Fluid and Nutrient Gaps
Breastfeeding mothers need roughly 16 cups of fluid per day from food, beverages, and water combined. That’s significantly more than the standard recommendation for non-lactating adults. Even mild dehydration can cause fatigue, brain fog, and headaches, and it’s easy to fall short when you’re busy caring for a newborn and forgetting to refill your water bottle.
Nutrient deficiencies also play a role. Vitamin B12 deficiency is a particular concern, especially for vegetarian or vegan mothers, since B12 comes almost exclusively from animal products. Low B12 in a breastfeeding parent can cause fatigue, nerve tingling, and in severe cases, neurological damage. Iron, iodine, vitamin D, calcium, and zinc are other nutrients that can run low during lactation. If your tiredness feels disproportionate to your sleep loss, a nutritional gap is worth investigating.
Postpartum Anemia
About 22% of women have anemia in the first 48 hours after giving birth, and nearly half have hemoglobin levels below normal ranges in the early postpartum period. Blood loss during delivery is the primary cause, and anemia doesn’t always resolve on its own in the weeks that follow. If you lost a significant amount of blood during birth, had a long labor, or went into delivery already low in iron, your risk is higher.
Anemia makes everything harder. It reduces the oxygen-carrying capacity of your blood, so normal activities feel more effortful. The fatigue from anemia is distinct from sleep deprivation: it’s a bone-deep exhaustion that doesn’t improve much with rest. A simple blood test can check your hemoglobin and ferritin levels. Many guidelines recommend screening at four to eight weeks postpartum, but if you’re struggling with severe fatigue, it’s reasonable to ask sooner.

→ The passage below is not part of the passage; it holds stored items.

(* Consider the controlled SEIR system and cost described in the context. There exists a constant $C>0$ such that $J_\infty(x_0,u_{\mathrm{nom}})<C$ for all $x_0\in\mathcal{M}$. Consequently, $V_\infty(x_0)<C$ for all $x_0\in\mathcal{M}$.
   Context: Fix parameters $\eta>0$, $0<\beta_{\min}\le\beta_{\mathrm{nom}}$, $0<\gamma_{\mathrm{nom}}\le\gamma_{\max}<\infty$ and $I_{\max}\in(0,1)$. Let $U:=[\beta_{\min},\beta_{\mathrm{nom}}]\times[\gamma_{\mathrm{nom}},\gamma_{\max}]$ and let $\mathcal{U}$ be the set of measurable, locally integrable functions $u=(\beta,\gamma):[0,\infty)\to U$; $u_{\mathrm{nom}}\in\mathcal{U}$ denotes the constant control $(\beta_{\mathrm{nom}},\gamma_{\mathrm{nom}})$. Let $\Pi:=\{(S,E,I)\in[0,1]^3: S+E+I\le 1\}$. For $x_0\in\Pi$ and $u\in\mathcal{U}$, $x(\cdot;x_0,u)=(S,E,I)$ denotes the unique solution of $\dot S=-\beta(t)SI$, $\dot E=\beta(t)SI-\eta E$, $\dot I=\eta E-\gamma(t)I$ with $x(0)=x_0$; it stays in $\Pi$. Let $G_\Pi:=\{(S,E,I)\in\Pi: I\le I_{\max}\}$ and $\mathcal{M}:=\{x_0\in G_\Pi: x(t;x_0,u)\in G_\Pi\ \forall t\ge0,\ \forall u\in\mathcal{U}\}$. The stage cost is $\ell(x,u):=E^2+I^2+(\beta-\beta_{\mathrm{nom}})^2+(\gamma-\gamma_{\mathrm{nom}})^2$ for $x=(S,E,I)$, $u=(\beta,\gamma)$; $J_\infty(x_0,u):=\int_0^\infty \ell(x(t;x_0,u),u(t))\,dt$, and $V_\infty(x_0):=\inf\{J_\infty(x_0,u): u\in\mathcal{U},\ x(t;x_0,u)\in G_\Pi\ \forall t\ge0\}$ (with $\inf\emptyset=+\infty$). *)

From HB Require Import structures.
From mathcomp Require Import all_boot all_order all_algebra.
From mathcomp Require Import all_classical all_reals all_analysis.
Set Implicit Arguments. Unset Strict Implicit. Unset Printing Implicit Defensive.
Import Order.TTheory GRing.Theory Num.Theory.
Local Open Scope classical_set_scope.
Local Open Scope ring_scope.

Section SEIR.
Variable R : realType.

(* state (S,E,I) and control (beta,gamma) *)
Definition state := (R * R * R)%type.
Definition control := (R * R)%type.
Definition Sc (x : state) : R := x.1.1.
Definition Ec (x : state) : R := x.1.2.
Definition Ic (x : state) : R := x.2.

Definition Pi : set state := [set x | 0 <= Sc x <= 1 /\ 0 <= Ec x <= 1 /\
  0 <= Ic x <= 1 /\ Sc x + Ec x + Ic x <= 1].

Definition GPi (Imax : R) : set state := [set x | Pi x /\ Ic x <= Imax].

Definition Uset (bmin bnom gnom gmax : R) : set control :=
  [set v | bmin <= v.1 <= bnom /\ gnom <= v.2 <= gmax].

Definition Ucal (bmin bnom gnom gmax : R) : set (R -> control) :=
  [set u : R -> control | (forall t : R, 0 <= t -> Uset bmin bnom gnom gmax (u t)) /\
    measurable_fun (`[0%R, +oo[ : set R) (fun t => (u t).1) /\
    measurable_fun (`[0%R, +oo[ : set R) (fun t => (u t).2) /\
    (forall T, 0 <= T ->
       (@lebesgue_measure R).-integrable `[0%R, T] (fun t => ((u t).1)%:E) /\
       (@lebesgue_measure R).-integrable `[0%R, T] (fun t => ((u t).2)%:E))].

Definition unom (bnom gnom : R) : R -> control := fun _ => (bnom, gnom).

Definition seir_rhs (eta : R) (x : state) (v : control) : state :=
  (- v.1 * Sc x * Ic x,
   v.1 * Sc x * Ic x - eta * Ec x,
   eta * Ec x - v.2 * Ic x).

(* (Caratheodory) solution on [0,oo) with x(0) = x0, in integral form *)
Definition is_solution (eta : R) (x0 : state) (u : R -> control)
    (x : R -> state) : Prop :=
  x 0 = x0 /\
  forall t, 0 <= t ->
    let f := fun s => seir_rhs eta (x s) (u s) in
    (@lebesgue_measure R).-integrable `[0%R, t] (fun s => (Sc (f s))%:E) /\
    (@lebesgue_measure R).-integrable `[0%R, t] (fun s => (Ec (f s))%:E) /\
    (@lebesgue_measure R).-integrable `[0%R, t] (fun s => (Ic (f s))%:E) /\
    Sc (x t) = Sc x0 + Rintegral (@lebesgue_measure R) `[0%R, t] (fun s => Sc (f s)) /\
    Ec (x t) = Ec x0 + Rintegral (@lebesgue_measure R) `[0%R, t] (fun s => Ec (f s)) /\
    Ic (x t) = Ic x0 + Rintegral (@lebesgue_measure R) `[0%R, t] (fun s => Ic (f s)).

(* traj is "the" solution map x(.;x0,u): for x0 in Pi and u in Ucal,
   traj x0 u solves the system and stays in Pi (facts stated in the context) *)
Definition is_solution_map (eta bmin bnom gnom gmax : R)
    (traj : state -> (R -> control) -> R -> state) : Prop :=
  forall x0 u, Pi x0 -> Ucal bmin bnom gnom gmax u ->
    is_solution eta x0 u (traj x0 u) /\ (forall t, 0 <= t -> Pi (traj x0 u t)).

Definition Mset (bmin bnom gnom gmax Imax : R)
    (traj : state -> (R -> control) -> R -> state) : set state :=
  [set x0 | GPi Imax x0 /\
    forall u, Ucal bmin bnom gnom gmax u ->
      forall t, 0 <= t -> GPi Imax (traj x0 u t)].

Definition stage_cost (bnom gnom : R) (x : state) (v : control) : R :=
  Ec x ^+ 2 + Ic x ^+ 2 + (v.1 - bnom) ^+ 2 + (v.2 - gnom) ^+ 2.

Definition Jinf (bnom gnom : R) (traj : state -> (R -> control) -> R -> state)
    (x0 : state) (u : R -> control) : \bar R :=
  (\int[@lebesgue_measure R]_(t in `[0%R, +oo[)
      (stage_cost bnom gnom (traj x0 u t) (u t))%:E)%E.

(* V_inf(x0) = inf over admissible controls keeping x in G_Pi (inf empty = +oo) *)
Definition Vinf (bmin bnom gnom gmax Imax : R)
    (traj : state -> (R -> control) -> R -> state) (x0 : state) : \bar R :=
  ereal_inf [set Jinf bnom gnom traj x0 u | u in
    [set u | Ucal bmin bnom gnom gmax u /\
             forall t, 0 <= t -> GPi Imax (traj x0 u t)]].

End SEIR.

(* Along the nominal control the combinations S + E and S + E + I are
   nonincreasing, with (S + E)' = - eta E and (S + E + I)' = - gamma_nom I.
   As both stay in [0, 1], every finite-horizon integral of E is at most
   1 / eta and every one of I at most 1 / gamma_nom.  On Pi the running cost
   E^2 + I^2 is at most E + I, so J_inf(x0, u_nom) <= 1 / eta + 1 / gamma_nom
   by monotone convergence; u_nom is admissible from every point of M, which
   bounds V_inf by the same constant. *)

From HB Require Import structures.
From mathcomp Require Import all_boot all_order all_algebra.
From mathcomp Require Import all_classical all_reals all_analysis.
From mathcomp Require Import measurable_realfun ring lra.
Import Order.TTheory GRing.Theory Num.Theory.
Local Open Scope classical_set_scope.
Local Open Scope ring_scope.

Section LebesgueIntegrals.
Context {R : realType}.
Local Notation mu := (@lebesgue_measure R).

(* [lebesgue_measure] lives on [measurableTypeR R], whose measurable sets are
   those of the default structure on [R] but not syntactically so: sets are
   typed accordingly to let unification find the measure. *)
Lemma integrable_EFinD {D : set (measurableTypeR R)} {f g : R -> R} :
  measurable D ->
  mu.-integrable D (EFin \o f) -> mu.-integrable D (EFin \o g) ->
  mu.-integrable D (EFin \o (f \+ g)).
Proof.
move=> mD intf intg.
apply: (eq_integrable mD _ _ _ (integrableD mD intf intg)).
by move=> s _; rewrite /= EFinD.
Qed.

(* [y0 + \int h] is the final value of a quantity that starts at [y0 <= 1],
   ends nonnegative and is drained at rate [c * g]. *)
Lemma outflow_Rintegral_le {D : set (measurableTypeR R)} (c y0 : R)
    (g h : R -> R) :
  measurable D -> 0 < c -> mu.-integrable D (EFin \o h) ->
  (forall s, h s = - (c * g s)) ->
  y0 <= 1 -> 0 <= y0 + \int[mu]_(s in D) h s ->
  mu.-integrable D (EFin \o g) /\ \int[mu]_(s in D) g s <= c^-1.
Proof.
move=> mD c0 inth hg y01 y0h.
have gh s : g s = - c^-1 * h s.
  by rewrite hg mulrN mulNr opprK mulKf ?gt_eqF.
split.
  apply: (eq_integrable mD _ _ _ (integrableZl mD (- c^-1) inth)).
  by move=> s _; rewrite /= -EFinM gh.
under eq_Rintegral do rewrite gh.
rewrite RintegralZl //; have ci0 : 0 < c^-1 by rewrite invr_gt0.
nra.
Qed.

Lemma ge0_integral_itv0y_le (f : R -> R) (B : R) :
  (forall t : R, 0 <= t -> 0 <= f t) ->
  (forall t : R, 0 <= t ->
     measurable_fun (`[0%R, t] : set (measurableTypeR R)) f) ->
  (forall t : R, 0 <= t -> (\int[mu]_(s in `[0%R, t]) (f s)%:E <= B%:E)%E) ->
  (\int[mu]_(s in `[0%R, +oo[) (f s)%:E <= B%:E)%E.
Proof.
move=> f0 mf intB; rewrite itv0y_bigcup0S.
have nd : nondecreasing_seq (fun n => `[0, n.+1%:R]%classic : set R).
  move=> m n mn; rewrite subsetEset; apply: subset_itvl.
  by rewrite bnd_simp ler_nat.
have mfE n : measurable_fun (`[0%R, n.+1%:R] : set R) (fun t => (f t)%:E).
  by apply/measurable_EFinP; exact: mf.
have f0E n s : `[0%R, n.+1%:R]%classic s -> (0 <= (f s)%:E)%E.
  by rewrite /= in_itv /= lee_fin => /andP[s0 _]; exact: f0.
have cv := ge0_nondecreasing_set_cvg_integral nd
  (fun n => measurable_itv _) mfE f0E (mu := mu).
rewrite -(cvg_lim _ cv) //; apply: lime_le; first exact: cvgP cv.
by apply: nearW => n; exact: intB.
Qed.

End LebesgueIntegrals.

Section SEIRNominal.
Context {R : realType} {eta bnom gnom : R}.
Local Notation mu := (@lebesgue_measure R).

Lemma seir_rhs_SE (x : state R) (v : control R) :
  Sc (seir_rhs eta x v) + Ec (seir_rhs eta x v) = - (eta * Ec x).
Proof. by rewrite /seir_rhs /Sc /Ec /=; ring. Qed.

Lemma seir_rhs_SEI (x : state R) (v : control R) :
  Sc (seir_rhs eta x v) + Ec (seir_rhs eta x v) + Ic (seir_rhs eta x v) =
  - (v.2 * Ic x).
Proof. by rewrite /seir_rhs /Sc /Ec /Ic /=; ring. Qed.

Lemma PiP {y : state R} : Pi y ->
  [/\ 0 <= Sc y, 0 <= Ec y, 0 <= Ic y & Sc y + Ec y + Ic y <= 1].
Proof. by case=> [/andP[S0 _] [/andP[E0 _] [/andP[I0 _] SEI]]]. Qed.

Context {x0 : state R} {x : R -> state R}.
Hypotheses (eta0 : 0 < eta) (gnom0 : 0 < gnom) (Px0 : Pi x0).
Hypotheses (solx : is_solution eta x0 (unom bnom gnom) x)
  (Px : forall t, 0 <= t -> Pi (x t)).

Lemma nominal_exposed_Rintegral_le t : 0 <= t ->
  mu.-integrable `[0%R, t] (fun s => (Ec (x s))%:E) /\
  \int[mu]_(s in `[0%R, t]) Ec (x s) <= eta^-1.
Proof.
move=> t0; have [iS [iE [_ [eS [eE _]]]]] := solx.2 t t0.
have [_ _ I0 SEI0] := PiP Px0; have [St Et It _] := PiP (Px t t0).
apply: (@outflow_Rintegral_le _ _ _ (Sc x0 + Ec x0) _ _ (measurable_itv _)
  eta0).
- exact: integrable_EFinD (measurable_itv _) iS iE.
- by move=> s; exact: seir_rhs_SE.
- lra.
- by rewrite RintegralD //=; lra.
Qed.

Lemma nominal_infected_Rintegral_le t : 0 <= t ->
  mu.-integrable `[0%R, t] (fun s => (Ic (x s))%:E) /\
  \int[mu]_(s in `[0%R, t]) Ic (x s) <= gnom^-1.
Proof.
move=> t0; have [iS [iE [iI [eS [eE eI]]]]] := solx.2 t t0.
have [_ _ _ SEI0] := PiP Px0; have [St Et It _] := PiP (Px t t0).
have mt : measurable (`[0%R, t] : set (measurableTypeR R)) := measurable_itv _.
apply: (@outflow_Rintegral_le _ _ _ (Sc x0 + Ec x0 + Ic x0) _ _ mt gnom0).
- exact: integrable_EFinD mt (integrable_EFinD mt iS iE) iI.
- by move=> s; exact: seir_rhs_SEI.
- by [].
- rewrite (RintegralD mt) ?(integrable_EFinD mt iS iE) //.
  by rewrite (RintegralD mt iS iE); lra.
Qed.

Lemma nominal_cost_measurable t : 0 <= t ->
  measurable_fun (`[0%R, t] : set (measurableTypeR R))
    (fun s => Ec (x s) ^+ 2 + Ic (x s) ^+ 2).
Proof.
move=> t0; have [/integrableP[mE _] _] := nominal_exposed_Rintegral_le t t0.
have [/integrableP[mI _] _] := nominal_infected_Rintegral_le t t0.
by apply: measurable_funD; apply: measurable_funX; exact/measurable_EFinP.
Qed.

Lemma nominal_cost_integral_le t : 0 <= t ->
  (\int[mu]_(s in `[0%R, t]) (Ec (x s) ^+ 2 + Ic (x s) ^+ 2)%:E <=
   (eta^-1 + gnom^-1)%:E)%E.
Proof.
move=> t0.
have mt : measurable (`[0%R, t] : set (measurableTypeR R)) := measurable_itv _.
have [iE intE] := nominal_exposed_Rintegral_le t t0.
have [iI intI] := nominal_infected_Rintegral_le t t0.
have /integrableP[mE _] := iE; have /integrableP[mI _] := iI.
apply: (@le_trans _ _
  (\int[mu]_(s in `[0%R, t]) ((Ec (x s))%:E + (Ic (x s))%:E))%E).
  apply: ge0_le_integral => //.
  - by move=> s _; rewrite lee_fin addr_ge0 // sqr_ge0.
  - by apply/measurable_EFinP; exact: nominal_cost_measurable.
  - exact: emeasurable_funD.
  - move=> s; rewrite /= in_itv /= => /andP[s0 _].
    have [S0 E0 I0 SEI] := PiP (Px s s0).
    by rewrite -EFinD lee_fin; nra.
rewrite integralD //.
rewrite -(fineK (integrable_fin_num mt iE)) -(fineK (integrable_fin_num mt iI)).
by rewrite -EFinD lee_fin lerD.
Qed.

End SEIRNominal.

Lemma unom_admissible {R : realType} {bmin bnom gnom gmax : R} :
  bmin <= bnom -> gnom <= gmax -> Ucal bmin bnom gnom gmax (unom bnom gnom).
Proof.
move=> bminnom gnommax.
have cst_integrable (c T : R) :
    (@lebesgue_measure R).-integrable `[0%R, T] (fun=> c%:E).
  apply: (@continuous_compact_integrable _ (fun=> c)).
    exact: segment_compact.
  by move=> s; exact: cvg_cst.
split; first by move=> t _; rewrite /Uset /unom /= bminnom gnommax !lexx.
split; [|split]; [exact: measurable_cst..|].
by move=> T _; split; exact: cst_integrable.
Qed.

Lemma stage_cost_unom (R : realType) (bnom gnom : R) (y : state R) (t : R) :
  stage_cost bnom gnom y (unom bnom gnom t) = Ec y ^+ 2 + Ic y ^+ 2.
Proof. by rewrite /stage_cost /unom /= !subrr expr0n /= !addr0. Qed.

Lemma Jinf_unom_le {R : realType} {eta bmin bnom gnom gmax : R}
    {traj : state R -> (R -> control R) -> R -> state R} {x0 : state R} :
  0 < eta -> bmin <= bnom -> 0 < gnom -> gnom <= gmax ->
  is_solution_map eta bmin bnom gnom gmax traj -> Pi x0 ->
  (Jinf bnom gnom traj x0 (unom bnom gnom) <= (eta^-1 + gnom^-1)%:E)%E.
Proof.
move=> eta0 bminnom gnom0 gnommax solmap Px0.
have [solx Px] := solmap x0 _ Px0 (unom_admissible bminnom gnommax).
rewrite /Jinf; under eq_integral do rewrite stage_cost_unom.
apply: ge0_integral_itv0y_le => t t0.
- by rewrite addr_ge0 ?sqr_ge0.
- exact: nominal_cost_measurable eta0 gnom0 Px0 solx Px t t0.
- exact: nominal_cost_integral_le eta0 gnom0 Px0 solx Px t t0.
Qed.

Lemma Vinf_le_Jinf (R : realType) (bmin bnom gnom gmax Imax : R)
    (traj : state R -> (R -> control R) -> R -> state R) (x0 : state R)
    (u : R -> control R) :
  Ucal bmin bnom gnom gmax u -> (forall t, 0 <= t -> GPi Imax (traj x0 u t)) ->
  (Vinf bmin bnom gnom gmax Imax traj x0 <= Jinf bnom gnom traj x0 u)%E.
Proof. by move=> Uu Gu; apply: ereal_inf_lbound; exists u. Qed.

Theorem lemma3 (R : realType) (eta bmin bnom gnom gmax Imax : R)
  (traj : state R -> (R -> control R) -> R -> state R) :
  0 < eta -> 0 < bmin -> bmin <= bnom -> 0 < gnom -> gnom <= gmax ->
  0 < Imax -> Imax < 1 ->
  is_solution_map eta bmin bnom gnom gmax traj ->
  exists C : R, 0 < C /\
    (forall x0, Mset bmin bnom gnom gmax Imax traj x0 ->
       (Jinf bnom gnom traj x0 (unom bnom gnom) < C%:E)%E) /\
    (forall x0, Mset bmin bnom gnom gmax Imax traj x0 ->
       (Vinf bmin bnom gnom gmax Imax traj x0 < C%:E)%E).
Proof.
move=> eta0 _ bminnom gnom0 gnommax _ _ solmap.
set B := eta^-1 + gnom^-1.
have B0 : 0 < B by rewrite addr_gt0 // invr_gt0.
have JB x0 : Mset bmin bnom gnom gmax Imax traj x0 ->
    (Jinf bnom gnom traj x0 (unom bnom gnom) < (B + 1)%:E)%E.
  move=> [[Px0 _] _].
  apply: le_lt_trans (Jinf_unom_le eta0 bminnom gnom0 gnommax solmap Px0) _.
  by rewrite lte_fin ltrDl.
exists (B + 1); split; first by rewrite addr_gt0.
split=> // x0 Mx0; apply: le_lt_trans (JB x0 Mx0).
apply: Vinf_le_Jinf; first exact: unom_admissible.
by case: Mx0 => _; apply; exact: unom_admissible.
Qed.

Thyroid Problems After Delivery
Postpartum thyroiditis affects 5% to 10% of people after birth and is an often-overlooked cause of crushing fatigue. The condition typically moves through two phases. An initial overactive thyroid phase can cause fatigue and anxiety, followed by an underactive phase that brings low energy, weight gain, cold intolerance, and depression. Because these symptoms overlap so heavily with “normal” new-parent exhaustion, thyroid problems frequently go undiagnosed for months.
The underactive phase is particularly easy to dismiss. Feeling cold, sluggish, and gaining weight while breastfeeding can seem like just another part of postpartum life. A thyroid panel is a straightforward blood test, and it’s worth requesting if your fatigue is severe, worsening over time, or accompanied by unusual weight changes or mood shifts.
Practical Ways to Manage the Fatigue
You can’t eliminate the biological cost of breastfeeding, but you can stop it from compounding unnecessarily. Eating enough is the simplest intervention most people overlook. Those extra 330 to 400 calories don’t need to come from elaborate meals. Calorie-dense snacks you can eat one-handed while nursing (nuts, cheese, granola bars, avocado toast) close the gap without requiring extra prep time.
Keep water within arm’s reach of every spot where you regularly feed. Many parents find they’re intensely thirsty during letdown, which is your body signaling a real need. A large water bottle at your nursing station is a small change that makes a measurable difference.
If you’re following a vegetarian or vegan diet, a B12 supplement is essential during lactation, not optional. For everyone, a postnatal vitamin that includes iron, iodine, and vitamin D provides a safety net against the most common deficiencies that drive fatigue. If you’ve been exhausted for weeks and sleep improvements aren’t helping, asking for bloodwork to check your iron stores and thyroid function can rule out or catch medical causes that have straightforward treatments.